Print, exactly as written, every line from the first line of the records below through the line containing "with (frac_vec (scal", and nothing further.

______________________________

Lemma distZ_lt_of_dyadic_index_eq d G x (q1 q2 : nat) : (q1 <= q2)%nat ->
  dyadic_index d G (frac_vec (scal (INR q1) x)) = dyadic_index d G (frac_vec (scal (INR q2) x)) ->
  distZ d (scal (INR (q2 - q1)) x) < / 2 ^ G.
Proof.
  intros Hq E.
  set (p := fun i => (Int_part (INR q2 * x i) - Int_part (INR q1 * x i))%Z).
  eapply Rle_lt_trans; [apply (distZ_le_supnorm d _ p)|].
  apply supnorm_lt; [apply Rinv_0_lt_compat, pow_lt; lra|]. intros i Hi.
  assert (Ei : Int_part (2 ^ G * frac_vec (scal (INR q1) x) i)
             = Int_part (2 ^ G * frac_vec (scal (INR q2) x) i)).
  { rewrite <- !(nth_dyadic_index d G) by auto. rewrite E. reflexivity. }
  apply Rabs_lt_of_Int_part_eq in Ei; [|apply pow_lt; lra].
  replace (scal (INR (q2 - q1)) x i - IZR (p i))
    with (frac_vec (scal (INR q2) x) i - frac_vec (scal (INR q1) x) i); auto.
  unfold frac_vec, scal, frac_part, p. rewrite minus_IZR, minus_INR by auto. ring.
Qed.

(* Both endpoint inequalities of [y]'s coordinate in the coarse cube [k] pass to the
   integer part [Int_part (2^G y_i)], since [2^J k_i] and [2^J (k_i + 1)] are integers. *)
Lemma dyadic_index_cube_incl d j0 J k y :
  in_cube d (Z.of_nat j0) k y ->
  forall z, in_cube d (Z.of_nat j0 + Z.of_nat J) (dyadic_index d (j0 + J) y) z ->
  in_cube d (Z.of_nat j0) k z.
Proof.
  intros Hy z Hz i Hi. specialize (Hy i Hi). specialize (Hz i Hi).
  rewrite <- Nat2Z.inj_add, nth_dyadic_index in Hz by auto.
  rewrite !powerRZ_2_opp_of_nat in *.
  set (kz := nth i k 0%Z) in *. set (c := Int_part (2 ^ (j0 + J) * y i)) in *.
  assert (H0 : 0 < 2 ^ j0) by (apply pow_lt; lra).
  assert (HJ : 0 < 2 ^ J) by (apply pow_lt; lra).
  assert (HP : IZR (Z.of_nat (2 ^ J)) = 2 ^ J) by (rewrite <- INR_IZR_INZ; apply INR_pow2).
  assert (Hy' : IZR kz <= 2 ^ j0 * y i < IZR kz + 1).
  { destruct Hy as [Hy1 Hy2].
    apply (Rmult_le_compat_l (2 ^ j0)) in Hy1; [|lra].
    apply (Rmult_lt_compat_l (2 ^ j0)) in Hy2; [|lra].
    rewrite <- Rmult_assoc, Rinv_r, Rmult_1_l in Hy1, Hy2 by lra. lra. }
  assert (Hc1 : (Z.of_nat (2 ^ J) * kz <= c)%Z).
  { apply Int_part_ge. rewrite mult_IZR, HP, pow_add. nra. }
  assert (Hc2 : (c + 1 <= Z.of_nat (2 ^ J) * (kz + 1))%Z).
  { enough (c < Z.of_nat (2 ^ J) * (kz + 1))%Z by lia.
    apply Int_part_lt. rewrite mult_IZR, plus_IZR, HP, pow_add. nra. }
  apply IZR_le in Hc1, Hc2. rewrite mult_IZR, HP in Hc1.
  rewrite plus_IZR, mult_IZR, plus_IZR, HP in Hc2.
  rewrite pow_add, Rinv_mult in Hz.
  assert (Hinv : / 2 ^ j0 = / 2 ^ j0 * / 2 ^ J * 2 ^ J) by (field; lra).
  assert (0 < / 2 ^ j0 * / 2 ^ J) by (apply Rmult_lt_0_compat; apply Rinv_0_lt_compat; lra).
  rewrite Hinv. split; nra.
Qed.

Lemma length_le_mul_fibers {A B} (eqB : forall x y : B, {x = y} + {x <> y}) (f : A -> B)
    (K : nat) (lM : list B) (T : list A) :
  NoDup T -> (forall t, In t T -> In (f t) lM) ->
  (forall c (S : list A), NoDup S -> (forall t, In t S -> In t T /\ f t = c) ->
     (length S <= K)%nat) ->
  (length T <= K * length lM)%nat.
Proof.
  revert T. induction lM as [|c lM IH]; intros T HT Hin Hf.
  - destruct T as [|t T]; simpl; [lia|]. destruct (Hin t); left; auto.
  - set (is_c := fun t => if eqB (f t) c then true else false).
    set (T1 := filter is_c T). set (T2 := filter (fun t => negb (is_c t)) T).
    assert (Hlen : length T = (length T1 + length T2)%nat).
    { unfold T1, T2. clear. induction T as [|t T IH]; simpl; [auto|].
      destruct (is_c t); simpl; lia. }
    assert (length T1 <= K)%nat.
    { apply (Hf c); [apply NoDup_filter; auto|]. intros t Ht.
      apply filter_In in Ht. unfold is_c in Ht. destruct (eqB (f t) c); [tauto|].
      destruct Ht; discriminate. }
    assert (length T2 <= K * length lM)%nat.
    { apply IH; [apply NoDup_filter; auto| |].
      - intros t Ht. apply filter_In in Ht. destruct Ht as [Ht1 Ht2]. unfold is_c in Ht2.
        destruct (Hin t Ht1) as [E|E]; [|auto]. destruct (eqB (f t) c); [discriminate|congruence].
      - intros c' S HS HS'. apply (Hf c' S HS). intros t Ht.
        destruct (HS' t Ht) as [Ht1 Ht2]. apply filter_In in Ht1. tauto. }
    simpl. lia.
Qed.

Lemma NoDup_length_le_of_injective {A} (h : A -> nat) (S : list A) (bound : nat) : NoDup S ->
  (forall s1 s2, In s1 S -> In s2 S -> h s1 = h s2 -> s1 = s2) ->
  (forall s, In s S -> (h s < bound)%nat) -> (length S <= bound)%nat.
Proof.
  intros HN Hi Hb. rewrite <- (length_map h S), <- (length_seq bound 0).
  apply NoDup_incl_length; [apply NoDup_map_NoDup_ForallPairs; auto|].
  intros y Hy. apply in_map_iff in Hy. destruct Hy as [s [<- Hs]].
  apply in_seq. specialize (Hb s Hs). lia.
Qed.

Lemma dyadic_index_eq_gap d x G (m q1 q2 : nat) : (1 <= d)%nat ->
  INR m <= kappa_star d x ^ d * 2 ^ (d * G) -> (q1 < q2)%nat ->
  dyadic_index d G (frac_vec (scal (INR q1) x)) = dyadic_index d G (frac_vec (scal (INR q2) x)) ->
  (q1 + m < q2)%nat.
Proof.
  intros Hd Hm Hq E.
  apply distZ_lt_of_dyadic_index_eq in E; [|lia].
  apply kappa_star_pow_lt in E; [|auto|lia].
  assert (Hlt : INR m < INR (q2 - q1)) by lra.
  apply INR_lt in Hlt. lia.
Qed.

Section Grid.
Variables (d j0 J : nat) (k : list Z) (xs : nat -> vec).
Hypothesis cube_in_unit_cube : forall y, in_cube d (Z.of_nat j0) k y -> in_unit_cube d y.

Lemma Mset_in_grid_points k' : Mset d xs (Z.of_nat j0) k J k' -> In k' (grid_points d (2 ^ (j0 + J))).
Proof.
  intros [Hl [Hsub _]]. apply in_grid_points; auto. intros i Hi.
  set (s := / 2 ^ (j0 + J)).
  assert (Hs : 0 < s) by (apply Rinv_0_lt_compat, pow_lt; lra).
  assert (Hz : in_unit_cube d (fun i => s * IZR (nth i k' 0%Z))).
  { apply cube_in_unit_cube, Hsub. intros i' Hi'.
    rewrite <- Nat2Z.inj_add, powerRZ_2_opp_of_nat. fold s. split; lra. }
  destruct (Hz i Hi) as [Hz1 Hz2]. split.
  - apply le_IZR. nra.
  - apply lt_IZR. rewrite <- INR_IZR_INZ, INR_pow2.
    apply (Rmult_lt_reg_l s); auto. unfold s at 2. rewrite Rinv_l; [lra|].
    apply pow_nonzero. lra.
Qed.

Lemma card_Mset_le : (card (Mset d xs (Z.of_nat j0) k J) <= 2 ^ (d * (j0 + J)))%nat.
Proof.
  destruct (card_of_finite _ _ Mset_in_grid_points) as [lM [_ [_ [-> Hlen]]]].
  rewrite length_grid_points, <- Nat.pow_mul_r, Nat.mul_comm in Hlen. exact Hlen.
Qed.

Lemma dyadic_index_in_Mset n : (1 <= n)%nat -> (n <= 2 ^ (d * (j0 + J)))%nat ->
  in_cube d (Z.of_nat j0) k (xs n) ->
  Mset d xs (Z.of_nat j0) k J (dyadic_index d (j0 + J) (xs n)).
Proof.
  intros Hn1 Hn2 Hin. split; [apply length_dyadic_index|split].
  - apply dyadic_index_cube_incl; auto.
  - exists n. rewrite <- !Nat2Z.inj_add. split; [lia|split].
    + rewrite <- Nat2Z.inj_mul, powerRZ_2_of_nat, <- INR_pow2. apply le_INR. lia.
    + apply in_cube_dyadic_index.
Qed.

End Grid.

Section Counting.
Variables (d : nat) (a : nat -> nat) (x : vec) (j0 J : nat) (k : list Z) (m : nat).
Hypothesis d_pos : (1 <= d)%nat.
Hypothesis a_increasing : forall n n', (1 <= n)%nat -> (n < n')%nat -> (a n < a n')%nat.
Hypothesis cube_in_unit_cube : forall y, in_cube d (Z.of_nat j0) k y -> in_unit_cube d y.
Hypothesis m_pos : (1 <= m)%nat.
Hypothesis m_le : INR m <= kappa_star d x ^ d * 2 ^ (d * (j0 + J)).

Let N := (2 ^ (d * (j0 + J)))%nat.
Let xs := fun n => frac_vec (scal (INR (a n)) x).
Let visits := fun n : nat => (1 <= n <= N)%nat /\ in_cube d (Z.of_nat j0) k (xs n).

(* Two visits landing in the same dyadic cube of generation [j0 + J] have
   [a]-values more than [m] apart, so each cube receives at most [a N / m + 1] of them. *)
Lemma card_visits_le : (card visits <= (a N / m + 1) * card (Mset d xs (Z.of_nat j0) k J))%nat.
Proof.
  destruct (card_of_finite _ _ (Mset_in_grid_points d j0 J k xs cube_in_unit_cube))
    as [lM [_ [HlM [-> _]]]].
  destruct (card_of_finite visits (seq 1 N)) as [lT [HT [HlT [-> _]]]].
  { intros t [Ht _]. apply in_seq. lia. }
  apply (length_le_mul_fibers (list_eq_dec Z.eq_dec) (fun n => dyadic_index d (j0 + J) (xs n)));
    auto.
  { intros t Ht. apply HlM. apply HlT in Ht as [Ht Hin]. apply dyadic_index_in_Mset; [lia|unfold N in Ht; lia|exact Hin]. }
  intros c S HS HS'.
  assert (Hvisit : forall s, In s S -> (1 <= s <= N)%nat).
  { intros s Hs. apply HS' in Hs as [Hs _]. apply HlT in Hs as [Hs _]. exact Hs. }
  apply (NoDup_length_le_of_injective (fun n => a n / m)%nat); auto.
  - intros s1 s2 Hs1 Hs2 E.
    assert (Hc : dyadic_index d (j0 + J) (xs s1) = dyadic_index d (j0 + J) (xs s2))
      by (apply HS' in Hs1, Hs2; destruct Hs1, Hs2; congruence).
    pose proof (Hvisit _ Hs1). pose proof (Hvisit _ Hs2).
    destruct (Nat.lt_trichotomy s1 s2) as [L|[L|L]]; auto; exfalso.
    + apply (dyadic_index_eq_gap d x (j0 + J) m (a s1) (a s2)) in Hc; auto; [|apply a_increasing; lia].
      assert (Hdiv : ((a s1 + 1 * m) / m <= a s2 / m)%nat) by (apply Nat.Div0.div_le_mono; lia).
      rewrite Nat.div_add in Hdiv by lia. lia.
    + symmetry in Hc.
      apply (dyadic_index_eq_gap d x (j0 + J) m (a s2) (a s1)) in Hc; auto; [|apply a_increasing; lia].
      assert (Hdiv : ((a s2 + 1 * m) / m <= a s1 / m)%nat) by (apply Nat.Div0.div_le_mono; lia).
      rewrite Nat.div_add in Hdiv by lia. lia.
  - intros s Hs. pose proof (Hvisit s Hs).
    assert (a s <= a N)%nat.
    { destruct (Nat.eq_dec s N) as [->|]; [lia|]. apply Nat.lt_le_incl, a_increasing; lia. }
    assert (a s / m <= a N / m)%nat by (apply Nat.Div0.div_le_mono; auto). lia.
Qed.

End Counting.

Section Density.
Variable a : nat -> nat.
Hypothesis a_pos : forall n, (1 <= n)%nat -> (0 < a n)%nat.
Hypothesis a_increasing : forall n n', (1 <= n)%nat -> (n < n')%nat -> (a n < a n')%nat.

Lemma le_increasing n : (n <= a n)%nat.
Proof.
  induction n as [|[|n] IH]; [lia|specialize (a_pos 1%nat); lia|].
  specialize (a_increasing (S n) (S (S n))). lia.
Qed.

Lemma counting_ratio_bounds N :
  0 <= INR (card (fun n : nat => (1 <= n)%nat /\ (a n <= N)%nat)) / INR N <= 1.
Proof.
  apply card_ratio_bounds, card_le_of_bounded. intros n [H1 H2].
  pose proof (le_increasing n). lia.
Qed.

Lemma lower_density_bounds : 0 <= lower_density a <= 1.
Proof.
  split.
  - apply Rge_le, (liminf_ge_of_eventually _ 0 1 counting_ratio_bounds).
    intros e He. exists 0%nat. intros n _. pose proof (counting_ratio_bounds n). lra.
  - apply (liminf_le_of_le _ 0 1 counting_ratio_bounds). apply counting_ratio_bounds.
Qed.

(* Fewer than [N] indices have [a_n < a_N], which, read through the lower density,
   bounds [a_N] from above. *)
Lemma lower_density_term_bound eps : 0 < eps ->
  exists N0, forall N, (N0 <= N)%nat -> (lower_density a - eps) * (INR (a N) - 1) < INR N.
Proof.
  intros He.
  destruct (liminf_eventually_gt _ 0 1 counting_ratio_bounds eps He) as [M0 HM0].
  exists (M0 + 2)%nat. intros N HN.
  pose proof (le_increasing N).
  specialize (HM0 (a N - 1)%nat ltac:(lia)).
  assert (Hc : (card (fun n : nat => (1 <= n)%nat /\ (a n <= a N - 1)%nat) <= N - 1)%nat).
  { apply card_le_of_bounded. intros n [H1 H2]. split; [auto|].
    destruct (Nat.lt_ge_cases n N) as [|HnN]; [lia|]. exfalso.
    destruct (Nat.eq_dec n N) as [->|]; [lia|]. specialize (a_increasing N n). lia. }
  apply le_INR in Hc. rewrite !minus_INR in * by lia. simpl INR in *.
  assert (Hpos : 0 < INR (a N) - 1).
  { assert (1 < INR (a N)) by (apply (lt_INR 1); lia). lra. }
  apply (Rmult_gt_compat_r (INR (a N) - 1)) in HM0; auto.
  unfold Rdiv in HM0. rewrite Rmult_assoc, Rinv_l in HM0 by lra.
  unfold lower_density. lra.
Qed.

End Density.

Lemma exists_nat_floor r : 0 <= r -> exists m : nat, INR m <= r < INR m + 1.
Proof.
  intros Hr. destruct (base_Int_part r) as [H1 H2].
  assert (Hz : (-1 < Int_part r)%Z) by (apply lt_IZR; lra).
  exists (Z.to_nat (Int_part r)). rewrite INR_IZR_INZ, Z2Nat.id by lia. lra.
Qed.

______________________________

Exercise result
Lemma distZ_lt_of_dyadic_index_eq d G x (q1 q2 : nat) : (q1 <= q2)%nat ->
  dyadic_index d G (frac_vec (scal (INR q1) x)) = dyadic_index d G (frac_vec (scal (INR q2) x)) ->
  distZ d (scal (INR (q2 - q1)) x) < / 2 ^ G.
Proof.
  intros Hq E.
  set (p := fun i => (Int_part (INR q2 * x i) - Int_part (INR q1 * x i))%Z).
  eapply Rle_lt_trans; [apply (distZ_le_supnorm d _ p)|].
  apply supnorm_lt; [apply Rinv_0_lt_compat, pow_lt; lra|]. intros i Hi.
  assert (Ei : Int_part (2 ^ G * frac_vec (scal (INR q1) x) i)
             = Int_part (2 ^ G * frac_vec (scal (INR q2) x) i)).
  { rewrite <- !(nth_dyadic_index d G) by auto. rewrite E. reflexivity. }
  apply Rabs_lt_of_Int_part_eq in Ei; [|apply pow_lt; lra].
  replace (scal (INR (q2 - q1)) x i - IZR (p i))
    with (frac_vec (scal (INR q2) x) i - frac_vec (scal (INR q1) x) i); auto.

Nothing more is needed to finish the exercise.